Now, I know most of you would think that… Hey! That’s unfair… the fault could also be at the boy’s side.

Yup!. There are boys who cannot love. This is because they only want to live a life to the fullest. They only wanted to play around. This kind of thinking usually hurts those who truly love them or not and causes damages.

Sometimes, boys just wanted to be themselves. Most of the time, because of their love, they can give up bits of things here and there for her. but gradually, things will spring back to their old self. When this happens, girl would think that they have changed. In fact, they should have realised that this is the true self resurfacing rather than change.

I have several friends now who is in dilemma of various situations above. One is hunting for the wrong thing and put her commitment on the wrong subject. She has not follow her heart to tell her whether she truly loves him or not. She thinks that she is cheating on him(1) when she is about to go on a date with him(2). In fact, she chose him(1) because he(1) came first with the questions of commitment. But now that she is with him(2) she thinks that he(1) is probably not good enough and she regrets.

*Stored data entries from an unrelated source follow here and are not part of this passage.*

Lemma escapes_not_capt_within k m t :
  (forall c : {ffun 'I_k -> V}, escapes k t (~: cop_set c)) -> #|V| ^ t.+1 <= m ->
  ~ capt_within adj k m t.
Proof.
move=> esc le_m [c0 win].
have /escapes_neq0/set0Pn [v0 _] := esc c0.
pose F := {ffun 'I_t.+1 -> V}.
pose plan (j : 'I_m) l : V :=
  if insub l is Some o then (nth [ffun=> v0] (enum F) j : F) o else v0.
have plan_onto (g : nat -> V) : exists j, forall l, l < t.+1 -> plan j l = g l.
  pose f : F := [ffun o => g (val o)].
  have lt_f : index f (enum F) < m.
    have cardF : #|F| = #|V| ^ t.+1 by rewrite card_ffun card_ord.
    by rewrite (leq_trans _ le_m) // -cardF cardE index_mem mem_enum.
  exists (Ordinal lt_f) => l lt_l.
  by rewrite /plan /= nth_index ?mem_enum // insubT /= ffunE.
apply: (escapes_survive (T := t.+1) (plan := plan) (i := 1) _ _ (esc c0)
          (win [ffun j => plan j 0])) => //.
move=> w; rewrite inE => wC g.
have [j plan_j] := plan_onto (fun l => if l == 0 then w else g l).
exists j; split; first by apply/capture_Some; rewrite !ffunE plan_j.
by case=> [|l] // /andP [_ lt_l]; rewrite plan_j.
Qed.

End Robbers.

Section Wheel.
Variable p : nat.
Hypothesis p_ge3 : 3 <= p.
Local Notation V := 'I_p.+1.
Local Notation adj := (wheel_adj p.+1).

Lemma wheel_adjE (u v : V) : adj u v =
  [|| u == v :> nat, u == 0 :> nat, v == 0 :> nat |
     [&& 0 < u, 0 < v &
      [|| v == u.+1 :> nat, u == v.+1 :> nat,
          (u == 1 :> nat) && (v == p :> nat) | (v == 1 :> nat) && (u == p :> nat)]]].
Proof. by []. Qed.

Lemma wheel_adj_refl : reflexive adj.
Proof. by move=> v; rewrite wheel_adjE eqxx. Qed.

Lemma wheel_adj_sym : symmetric adj.
Proof. by move=> u v; rewrite !wheel_adjE; apply/idP/idP; lia. Qed.

Definition hub : V := ord0.

Lemma hub_adj (v : V) : adj hub v.
Proof. by rewrite wheel_adjE eqxx orbT. Qed.

(* For 0 < b <= p, [arc b 0], ..., [arc b (p - 2)] walk the rim from b + 1
   round to b - 1. *)
Definition arc (b i : nat) : V := inord (if b + i < p then b + i + 1 else b + i + 1 - p).

Lemma val_arc b i : 0 < b <= p -> i <= p - 2 ->
  arc b i = (if b + i < p then b + i + 1 else b + i + 1 - p) :> nat.
Proof. by move=> b_range i_le; rewrite inordK //; case: ifP; lia. Qed.

Lemma arc_adj b i : 0 < b <= p -> i < p - 2 -> adj (arc b i) (arc b i.+1).
Proof.
move=> b_range lt_i; rewrite wheel_adjE !val_arc //; try lia.
by case: ifP; case: ifP; lia.
Qed.

Lemma arc_avoids b i : 0 < b <= p -> i <= p - 2 ->
  (arc b i != hub) && (arc b i != b :> nat).
Proof. by move=> b_range le_i; rewrite -val_eqE /= val_arc //; case: ifP; lia. Qed.

Lemma arc_onto b (v : V) : 0 < b <= p -> v != hub -> v != b :> nat ->
  exists2 i, i <= p - 2 & arc b i = v.
Proof.
move=> b_range v_hub v_b; have lt_v := ltn_ord v.
have v_pos : 0 < v by rewrite lt0n.
exists (if b < v then v - b - 1 else v + p - b - 1); first by case: ifP; lia.
by apply: ord_inj; case: ifP => lt_bv; rewrite val_arc //; try lia; case: ifP; lia.
Qed.

Lemma wheel_boundary (S C : {set V}) r0 x :
  C \subset S -> #|C| <= 2 -> r0 \in S :\: C -> x \notin S ->
  exists r w, [/\ r \in S :\: C, w \notin S & adj r w].
Proof.
move=> CS C2 r0SC xS.
have [hubSC|hub_SC] := boolP (hub \in S :\: C); first by exists hub, x; rewrite hub_adj.
have [hubS|hub_S] := boolP (hub \in S); last first.
  by exists r0, hub; rewrite wheel_adj_sym hub_adj.
have hubC : hub \in C by move: hub_SC; rewrite inE hubS andbT negbK.
(* The hub is a cop; cut the rim at the other cop (or anywhere off x and r0)
   and walk from r0 to x. *)
have [b [b_hub b_x b_r0 Cb]] :
    exists b, [/\ b != hub, b != x, b != r0 & C \subset [set hub; b]].
  have [C_hub|[b]] := set_0Vmem (C :\ hub).
    have : 0 < #|~: [set hub; x; r0]|.
      by rewrite cardsCs setCK card_ord -setUA cardsU1 cards2; lia.
    case/card_gt0P => b; rewrite !inE => /norP [/norP [b_hub b_x] b_r0].
    exists b; split=> //; apply/subsetP => y yC; rewrite !inE.
    by apply/orP; left; apply: contraT => y_hub; rewrite -(in_set0 y) -C_hub !inE y_hub.
  rewrite !inE => /andP [b_hub bC].
  exists b; split=> //.
  - by apply: (contraNneq _ xS) => <-; apply: (subsetP CS).
  - by move: r0SC; rewrite inE => /andP [r0C _]; apply: (contraNneq _ r0C) => <-.
  have hub_bC : [set hub; b] \subset C by rewrite subUset !sub1set hubC bC.
  have /eqP <- // : [set hub; b] == C.
  by rewrite eqEcard hub_bC cards2 eq_sym b_hub.
have b_range : 0 < b <= p by rewrite lt0n [_ != _]b_hub -ltnS ltn_ord.
have r0C : r0 \notin C by move: r0SC; rewrite inE => /andP [].
have [ir le_ir arc_r0] : exists2 i, i <= p - 2 & arc b i = r0.
  apply: arc_onto => //; last by rewrite eq_sym.
  by apply: (contraNneq _ r0C) => ->.
have [ix le_ix arc_x] : exists2 i, i <= p - 2 & arc b i = x.
  apply: arc_onto => //; last by rewrite eq_sym.
  by apply: (contraNneq _ xS) => ->.
have arc_SC l : l <= p - 2 -> arc b l \in S -> arc b l \in S :\: C.
  move=> le_l arcS; rewrite inE arcS andbT.
  have /andP [arc_hub arc_b] := arc_avoids b_range le_l.
  by apply/negP => /(subsetP Cb); rewrite !inE (negbTE arc_hub) -val_eqE (negbTE arc_b).
have r0S : r0 \in S by move: r0SC; rewrite inE => /andP [].
have [le_rx|lt_xr] := leqP ir ix.
  have := exists_boundary_step (P := fun l => arc b l \in S) le_rx.
  rewrite /= arc_r0 arc_x => /(_ r0S xS) [l /andP [_ lt_l] /andP [inS outS]].
  have lt_lp : l < p - 2 := leq_trans lt_l le_ix.
  exists (arc b l), (arc b l.+1); split => //; first exact: arc_SC (ltnW lt_lp) inS.
  exact: arc_adj.
have := exists_boundary_step (P := fun l => arc b l \notin S) (ltnW lt_xr).
rewrite /= arc_r0 arc_x negbK => /(_ xS r0S) [l /andP [_ lt_l] /andP [outS inS]].
have lt_lp : l < p - 2 := leq_trans lt_l le_ir.
exists (arc b l.+1), (arc b l); split => //; first exact: arc_SC lt_lp (negbNE inS).
by rewrite wheel_adj_sym arc_adj.
Qed.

The other one has found out that she cannot trust him anymore …. after giving birth to two kids and with the third one coming very soon. She has been demanding him to change and he caved-in. However, now that he is having almost a full rebounce, she regreted about the three kids.

I truly hoped that these two friends of mind can read this and understand what is their positioning right now. I am not saying that they have done wrong in anyway when they meet him(all) but rather they miscommunicated their love with something else other than the true love they are about to discover.

The first friend may not understand this but I think in due time, she will. The second friends will understand that what feeling she has for him is superficial and is not as strong as the love she has for their kids. Only when she made these comparison of late that she discover her mistake of loving him in the wrong methods.